= Exhaustion of remedies =

The doctrine of exhaustion of remedies prevents a litigant from seeking a remedy in a new court or jurisdiction until all claims or remedies have been exhausted (pursued as fully as possible) in the original one. The doctrine was originally created by case law based on the principles of comity.

== Usage ==
In the United States, exhaustion of remedies is applied extensively in administrative law. Many cases are handled first by independent agencies of the United States government which have primary responsibility for cases involving the statutes or regulations which the agency administers.
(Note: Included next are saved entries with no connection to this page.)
Lemma kron_mulmx m n (A A' : 'M[C]_m) (B B' : 'M[C]_n) :
  kron A B *m kron A' B' = kron (A *m A') (B *m B').
Proof.
apply/matrixP=> k l; case/mxvec_indexP: k => i j; case/mxvec_indexP: l => i' j'.
rewrite [LHS]mxE big_mxvec_index kronE mxE big_distrl /=; apply: eq_bigr => p _.
rewrite mxE big_distrr /=; apply: eq_bigr => q _; rewrite !kronE; ring.
Qed.

Lemma kron1 m n : kron (1%:M : 'M[C]_m) (1%:M : 'M[C]_n) = 1%:M.
Proof.
apply/matrixP=> k l; case/mxvec_indexP: k => i j; case/mxvec_indexP: l => i' j'.
rewrite kronE !mxE mxvec_index_eq.
by case: (i == i'); case: (j == j'); rewrite /= ?mulr1 ?mulr0 ?mul0r.
Qed.

Lemma kron_diag m n (a : 'rV[C]_m) (b : 'rV[C]_n) :
  kron (diag_mx a) (diag_mx b) =
  diag_mx (\row_k (a 0 (pair_idx k).1 * b 0 (pair_idx k).2)).
Proof.
apply/matrixP=> k l; case/mxvec_indexP: k => i j; case/mxvec_indexP: l => i' j'.
rewrite kronE !mxE mxvec_index_eq pair_idx_mxvec /=.
by case: (i == i'); case: (j == j'); rewrite /= ?mulr1n ?mulr0n ?mulr0 ?mul0r.
Qed.

Lemma kronDl m n (A A' : 'M[C]_m) (B : 'M[C]_n) : kron (A + A') B = kron A B + kron A' B.
Proof. by apply/matrixP=> k l; rewrite !mxE mulrDl. Qed.

Lemma kronDr m n (A : 'M[C]_m) (B B' : 'M[C]_n) : kron A (B + B') = kron A B + kron A B'.
Proof. by apply/matrixP=> k l; rewrite !mxE mulrDr. Qed.

Lemma kronZl m n c (A : 'M[C]_m) (B : 'M[C]_n) : kron (c *: A) B = c *: kron A B.
Proof. by apply/matrixP=> k l; rewrite !mxE mulrA. Qed.

Lemma kronNl m n (A : 'M[C]_m) (B : 'M[C]_n) : kron (- A) B = - kron A B.
Proof. by apply/matrixP=> k l; rewrite !mxE mulNr. Qed.

Lemma kronNr m n (A : 'M[C]_m) (B : 'M[C]_n) : kron A (- B) = - kron A B.
Proof. by apply/matrixP=> k l; rewrite !mxE mulrN. Qed.

Lemma kronBl m n (A A' : 'M[C]_m) (B : 'M[C]_n) : kron (A - A') B = kron A B - kron A' B.
Proof. by rewrite kronDl kronNl. Qed.

Lemma kronBr m n (A : 'M[C]_m) (B B' : 'M[C]_n) : kron A (B - B') = kron A B - kron A B'.
Proof. by rewrite kronDr kronNr. Qed.

Lemma mxtrace_kron m n (A : 'M[C]_m) (B : 'M[C]_n) : \tr (kron A B) = \tr A * \tr B.
Proof.
rewrite /mxtrace big_mxvec_index big_distrl /=; apply: eq_bigr => i _.
by rewrite big_distrr /=; apply: eq_bigr => j _; rewrite kronE.
Qed.

Lemma mxtrace_mulDl n (A B R : 'M[C]_n) : \tr ((A + B) *m R) = \tr (A *m R) + \tr (B *m R).
Proof. by rewrite mulmxDl mxtraceD. Qed.

Lemma mxtrace_mulBl n (A B R : 'M[C]_n) : \tr ((A - B) *m R) = \tr (A *m R) - \tr (B *m R).
Proof. by rewrite mulmxBl linearB. Qed.

Lemma mxtrace_mulNl n (A R : 'M[C]_n) : \tr ((- A) *m R) = - \tr (A *m R).
Proof. by rewrite mulNmx linearN. Qed.

Lemma mxtrace_mulZl n c (A R : 'M[C]_n) : \tr ((c *: A) *m R) = c * \tr (A *m R).
Proof. by rewrite -scalemxAl mxtraceZ. Qed.

Lemma mxtrace_kron_sub m n (P Q : 'M[C]_m) (P' Q' : 'M[C]_n) (rho : 'M[C]_(m * n)) :
  \tr (kron (P - Q) (P' - Q') *m rho) =
  \tr (kron P P' *m rho) - \tr (kron P Q' *m rho) - \tr (kron Q P' *m rho)
  + \tr (kron Q Q' *m rho).
Proof. by rewrite kronBl !kronBr !mxtrace_mulBl; ring. Qed.

End Kronecker.

Section Adjoint.
Variable C : numClosedFieldType.

Lemma adj_mulmx m n p (A : 'M[C]_(m, n)) (B : 'M[C]_(n, p)) : adj (A *m B) = adj B *m adj A.
Proof. by rewrite /adj trmx_mul map_mxM. Qed.

Lemma adjK m n (A : 'M[C]_(m, n)) : adj (adj A) = A.
Proof. exact: trmxCK. Qed.

Lemma adjD m n (A B : 'M[C]_(m, n)) : adj (A + B) = adj A + adj B.
Proof. by apply/matrixP=> i j; rewrite !mxE rmorphD. Qed.

Lemma adjZ m n c (A : 'M[C]_(m, n)) : adj (c *: A) = c^* *: adj A.
Proof. by apply/matrixP=> i j; rewrite !mxE rmorphM. Qed.

Lemma adjN m n (A : 'M[C]_(m, n)) : adj (- A) = - adj A.
Proof. by apply/matrixP=> i j; rewrite !mxE rmorphN. Qed.

Lemma adj1 n : adj (1%:M : 'M[C]_n) = 1%:M.
Proof. by apply/matrixP=> i j; rewrite !mxE rmorph_nat eq_sym. Qed.

Lemma adj0 m n : adj (0 : 'M[C]_(m, n)) = 0.
Proof. by apply/matrixP=> i j; rewrite !mxE rmorph0. Qed.

Lemma adj_kron m n (A : 'M[C]_m) (B : 'M[C]_n) : adj (kron A B) = kron (adj A) (adj B).
Proof. by apply/matrixP=> k l; rewrite !mxE rmorphM. Qed.

End Adjoint.

Section Psd.
Variable C : numClosedFieldType.

Lemma form_diag_mx n (w c : 'rV[C]_n) :
  (w *m diag_mx c *m adj w) 0 0 = \sum_k c 0 k * (w 0 k * (w 0 k)^*).
Proof.
rewrite mxE; apply: eq_bigr => k _; rewrite !mxE (bigD1 k) //= big1 ?addr0.
  by rewrite !mxE eqxx mulr1n; ring.
by move=> j /negbTE nj; rewrite !mxE nj mulr0n mulr0.
Qed.

Lemma psd_conj_diag n (K : 'M[C]_n) (c : 'rV[C]_n) :
  (forall k, 0 <= c 0 k) -> psd (adj K *m diag_mx c *m K).
Proof.
move=> c0; split.
  rewrite !adj_mulmx adjK mulmxA; congr (_ *m _ *m _).
  apply/matrixP=> i j; rewrite !mxE; case: eqVneq => [->|ne]; rewrite ?eqxx ?mulr1n.
    by rewrite geC0_conj.
  by rewrite !mulr0n rmorph0.
move=> v; rewrite -!mulmxA mulmxA -[K *m adj v]adjK adj_mulmx adjK mulmxA form_diag_mx.
by apply: sumr_ge0 => k _; apply: mulr_ge0 => //; apply: mul_conjC_ge0.
Qed.

Lemma form_row_mx n (K A : 'M[C]_n) k :
  (K *m A *m adj K) k k = (row k K *m A *m adj (row k K)) 0 0.
Proof. by rewrite -!row_mul mxE !mxE; apply: eq_bigr => j _; rewrite !mxE. Qed.

Lemma psd_spectral n (A : 'M[C]_n) : psd A ->
  exists K : 'M[C]_n, exists c : 'rV[C]_n,
    (forall k, 0 <= c 0 k) /\ A = adj K *m diag_mx c *m K.
Proof.
move=> [hA fA].
have nA : A \is normalmx by apply/normalmxP; change (A *m adj A = adj A *m A); rewrite hA.
have uU : spectralmx A *m adj (spectralmx A) = 1%:M by apply/unitarymxP/spectral_unitarymx.
have eA := orthomx_spectralP nA; rewrite invmx_unitary ?spectral_unitarymx // in eA.
exists (spectralmx A), (spectral_diag A); split=> // k.
have : spectralmx A *m A *m adj (spectralmx A) = diag_mx (spectral_diag A).
  by rewrite {2}eA !mulmxA uU mul1mx -mulmxA uU mulmx1.
move/matrixP/(_ k k); rewrite [RHS]mxE eqxx mulr1n => <-.
by rewrite form_row_mx; apply: fA.
Qed.

Lemma psd_mxtrace_mul_ge0 n (A B : 'M[C]_n) : psd A -> psd B -> 0 <= \tr (A *m B).
Proof.
move=> pA /psd_spectral [K [c [c0 ->]]].
rewrite mulmxA mxtrace_mulC !mulmxA /mxtrace; apply: sumr_ge0 => k _.
rewrite mxE (bigD1 k) //= big1 ?addr0; last first.
  by move=> j /negbTE nj; rewrite !mxE nj mulr0n mulr0.
rewrite [diag_mx c k k]mxE eqxx mulr1n; apply: mulr_ge0 => //.
by rewrite form_row_mx; case: pA => _; apply.
Qed.

Lemma psd_kron m n (A : 'M[C]_m) (B : 'M[C]_n) : psd A -> psd B -> psd (kron A B).
Proof.
move=> /psd_spectral [P [a [a0 ->]]] /psd_spectral [Q [b [b0 ->]]].
rewrite -!kron_mulmx -adj_kron kron_diag; apply: psd_conj_diag => k.
by rewrite mxE; apply: mulr_ge0.
Qed.

Lemma psdD n (A B : 'M[C]_n) : psd A -> psd B -> psd (A + B).
Proof.
move=> [hA fA] [hB fB]; split; first by rewrite adjD hA hB.
by move=> v; rewrite mulmxDr mulmxDl mxE; apply: addr_ge0.
Qed.

Lemma psdZ n (c : C) (A : 'M[C]_n) : 0 <= c -> psd A -> psd (c *: A).
Proof.
move=> c0 [hA fA]; split; first by rewrite adjZ hA geC0_conj.
by move=> v; rewrite -scalemxAr -scalemxAl mxE; apply: mulr_ge0.
Qed.

Lemma psd0 n : psd (0 : 'M[C]_n).
Proof. by split; [rewrite adj0|move=> v; rewrite mulmx0 mul0mx mxE]. Qed.

Lemma psd_gram m n (u : 'M[C]_(m, n)) : psd (adj u *m u).
Proof.
split=> [|v]; first by rewrite adj_mulmx adjK.
rewrite mulmxA -[v *m adj u *m u *m adj v]mulmxA -[u *m adj v]adjK adj_mulmx adjK.
by rewrite mxE; apply: sumr_ge0 => k _; rewrite /adj !mxE; apply: mul_conjC_ge0.
Qed.

Lemma psd_proj n (P : 'M[C]_n) : adj P = P -> P *m P = P -> psd P.
Proof. by move=> hP pP; rewrite -pP -{1}hP; apply: psd_gram. Qed.

Lemma psd1 n : psd (1%:M : 'M[C]_n).
Proof. by apply: psd_proj; rewrite ?adj1 ?mulmx1. Qed.

Lemma is_state_scalar n : is_state ((n.+1%:R)^-1 *: (1%:M : 'M[C]_n.+1)).
Proof.
split; first by apply: psdZ; [rewrite invr_ge0 ler0n | exact: psd1].
by rewrite mxtraceZ mxtrace1 mulVf // pnatr_eq0.
Qed.

Section TwoOutcomeCorrelator.
Variables (m n : nat) (P Q : 'M[C]_m) (P' Q' : 'M[C]_n) (rho : 'M[C]_(m * n)).
Hypotheses (psdP : psd P) (psdQ : psd Q) (PQ1 : P + Q = 1%:M).
Hypotheses (psdP' : psd P') (psdQ' : psd Q') (PQ1' : P' + Q' = 1%:M).
Hypothesis rho_state : is_state rho.

(* The correlator is 1 - 2 Pr[outcomes differ]; here 1 is the trace of
   (P + Q) (x) (P' + Q') against rho. *)
Lemma correlator_le1 : \tr (kron (P - Q) (P' - Q') *m rho) <= 1.
Proof.
have [psd_rho tr_rho] := rho_state.
have e1 : \tr (kron (P + Q) (P' + Q') *m rho) = 1 by rewrite PQ1 PQ1' kron1 mul1mx.
rewrite -e1 mxtrace_kron_sub kronDl !kronDr !mxtrace_mulDl -subr_ge0.
have h1 := psd_mxtrace_mul_ge0 (psd_kron psdP psdQ') psd_rho.
have h2 := psd_mxtrace_mul_ge0 (psd_kron psdQ psdP') psd_rho.
set a := \tr (kron P P' *m rho); set b := \tr (kron P Q' *m rho).
set c := \tr (kron Q P' *m rho); set d := \tr (kron Q Q' *m rho).
have -> : a + b + (c + d) - (a - b - c + d) = b *+ 2 + c *+ 2 by ring.
by apply: addr_ge0; apply: mulrn_wge0.
Qed.

End TwoOutcomeCorrelator.

Lemma correlator_bound m n (P Q : 'M[C]_m) (P' Q' : 'M[C]_n) (rho : 'M[C]_(m * n)) :
  psd P -> psd Q -> P + Q = 1%:M -> psd P' -> psd Q' -> P' + Q' = 1%:M ->
  is_state rho -> -1 <= \tr (kron (P - Q) (P' - Q') *m rho) <= 1.
Proof.
move=> pP pQ e pP' pQ' e' hr; rewrite (correlator_le1 pP pQ e pP' pQ' e' hr) andbT.
have eQP : Q + P = 1%:M by rewrite addrC.
have := correlator_le1 pQ pP eQP pP' pQ' e' hr.
by rewrite -opprB kronNl mxtrace_mulNl lerNl.
Qed.

End Psd.

Section Qubit.
Variable C : numClosedFieldType.
Local Notation sqrt2 := (sqrtC (2 : C)).
Local Notation i0 := (ord0 : 'I_2).
Local Notation i1 := (lift ord0 ord0 : 'I_2).

Ltac mx2 := apply/matrixP; move=> [[|[|?]] ?] [[|[|?]] ?] //;
  rewrite !mxE /= ?big_ord_recl ?big_ord0 /= ?mxE /=.

Ltac simpl_pauli := rewrite ?mulr0 ?mul0r ?add0r ?addr0 ?mulr1 ?mul1r ?mulrN ?mulNr
  ?opprK -?expr2 ?sqrCi ?opprK ?rmorph0 ?rmorph1 ?rmorphN /= ?conjCi ?opprK ?subrr ?addNr //.

Lemma sx_mulmx_sx : sx C *m sx C = 1%:M.
Proof. by mx2; simpl_pauli. Qed.

Lemma sy_mulmx_sy : sy C *m sy C = 1%:M.
Proof. by mx2; simpl_pauli. Qed.

Lemma sx_sy_anticomm : sx C *m sy C + sy C *m sx C = 0.
Proof. by mx2; simpl_pauli. Qed.

Lemma adj_sx : adj (sx C) = sx C.
Proof. by mx2; simpl_pauli. Qed.

Lemma adj_sy : adj (sy C) = sy C.
Proof. by mx2; simpl_pauli. Qed.

Lemma mxtrace_sx_mul (R : 'M[C]_2) : \tr (sx C *m R) = R i1 i0 + R i0 i1.
Proof. by rewrite /mxtrace !big_ord_recl !big_ord0 !mxE !big_ord_recl !big_ord0 !mxE /=; ring. Qed.

Lemma mxtrace_sy_mul (R : 'M[C]_2) : \tr (sy C *m R) = - 'i * R i1 i0 + 'i * R i0 i1.
Proof. by rewrite /mxtrace !big_ord_recl !big_ord0 !mxE !big_ord_recl !big_ord0 !mxE /=; ring. Qed.

Lemma mxtrace_sx : \tr (sx C) = 0.
Proof. by rewrite -[sx C]mulmx1 mxtrace_sx_mul !mxE /= addr0. Qed.

Lemma mxtrace_sy : \tr (sy C) = 0.
Proof. by rewrite -[sy C]mulmx1 mxtrace_sy_mul !mxE /= !mulr0 addr0. Qed.

Lemma qubit_form (v : 'rV[C]_2) (R : 'M[C]_2) : (v *m R *m adj v) 0 0 =
  v 0 i0 * R i0 i0 * (v 0 i0)^* + v 0 i0 * R i0 i1 * (v 0 i1)^* +
  v 0 i1 * R i1 i0 * (v 0 i0)^* + v 0 i1 * R i1 i1 * (v 0 i1)^*.
Proof. by rewrite !mxE !big_ord_recl !big_ord0 !mxE !big_ord_recl !big_ord0 /=; ring. Qed.

Lemma bloch_ball (R : 'M[C]_2) : is_state R ->
  [/\ \tr (sx C *m R) \is Num.real, \tr (sy C *m R) \is Num.real &
      \tr (sx C *m R) ^+ 2 + \tr (sy C *m R) ^+ 2 <= 1].
Proof.
move=> [[hR fR] trR].
have e10 : R i1 i0 = (R i0 i1)^*.
  by move/matrixP: hR => /(_ i1 i0); rewrite !mxE => <-.
have etr : R i0 i0 + R i1 i1 = 1.
  by move: trR; rewrite /mxtrace !big_ord_recl big_ord0 addr0.
rewrite mxtrace_sx_mul mxtrace_sy_mul e10; set q := R i0 i1.
split.
- by apply/CrealP; rewrite rmorphD /= conjCK addrC.
- by apply/CrealP; rewrite rmorphD !rmorphM rmorphN /= conjCK conjCi opprK addrC.
(* the form at (1, -2q) and at (-2q^*, 1) adds up to 1 - 4 q q^* *)
have f1 := fR (\row_j (if j == i0 then 1 else - 2 * q)).
have f2 := fR (\row_j (if j == i0 then - 2 * q^* else 1)).
rewrite qubit_form !mxE /= e10 -/q in f1; rewrite qubit_form !mxE /= e10 -/q in f2.
have := addr_ge0 f1 f2.
rewrite ?rmorph1 ?rmorphM ?rmorphN ?rmorph_nat /= ?conjCK.
have -> : R i1 i1 = 1 - R i0 i0 by rewrite -etr; ring.
move=> h; rewrite -subr_ge0.
have -> : 1 - ((q^* + q) ^+ 2 + (- 'i * q^* + 'i * q) ^+ 2) =
   1 - (q^* + q) ^+ 2 - 'i ^+ 2 * (q - q^*) ^+ 2 by ring.
by rewrite sqrCi; move: h; congr (0 <= _); ring.
Qed.

Lemma proj_of_adj (O : 'M[C]_2) b : adj O = O -> adj (proj_of O b) = proj_of O b.
Proof.
move=> hO; rewrite /proj_of adjZ adjD adj1 adjZ hO geC0_conj ?invr_ge0 ?ler0n //.
by case: b; rewrite ?expr0 ?expr1 ?rmorph1 ?rmorphN ?rmorph1.
Qed.

Lemma proj_of_idem (O : 'M[C]_2) b : O *m O = 1%:M -> proj_of O b *m proj_of O b = proj_of O b.
Proof.
move=> hO; rewrite /proj_of -scalemxAl -scalemxAr scalerA.
rewrite mulmxDl !mulmxDr mul1mx mulmx1 -!scalemxAl -!scalemxAr scalerA hO mul1mx.
apply/matrixP=> i j; rewrite !mxE.
by case: b; rewrite ?expr0 ?expr1; field.
Qed.

Lemma proj_of_psd (O : 'M[C]_2) b : adj O = O -> O *m O = 1%:M -> psd (proj_of O b).
Proof. by move=> h1 h2; apply: psd_proj; [apply: proj_of_adj|apply: proj_of_idem]. Qed.

Lemma proj_of_sum (O : 'M[C]_2) : proj_of O false + proj_of O true = 1%:M.
Proof. by apply/matrixP=> i j; rewrite !mxE /= expr0 expr1; field. Qed.

Lemma proj_of_sub (O : 'M[C]_2) : proj_of O false - proj_of O true = O.
Proof. by apply/matrixP=> i j; rewrite !mxE /= expr0 expr1; field. Qed.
A person's specific rights and duties depend on the federal statute involved, but here is an outline of how the doctrine works in practice. "Exhaustion of administrative remedies" requires a person to first go to the agency which administers the statute; this process usually involves filing a petition, then going to a hearing, and finally using the agency's internal appeal process. Once the agency's own procedures are finished, or "exhausted", then the aggrieved person can file a complaint in a federal court. But the doctrine of exhaustion of remedies prevents parties from seeking relief in the courts first.

The same process is required under the laws of many, if not all, states.

== Habeas corpus ==
Exhaustion of remedies frequently affects cases of habeas corpus. Federal law, for example, prevents a petitioner from seeking federal relief where the state claims have not yet been exhausted. Generally, the exhaustion requirement permits state courts a "...meaningful opportunity to consider the allegations of legal error."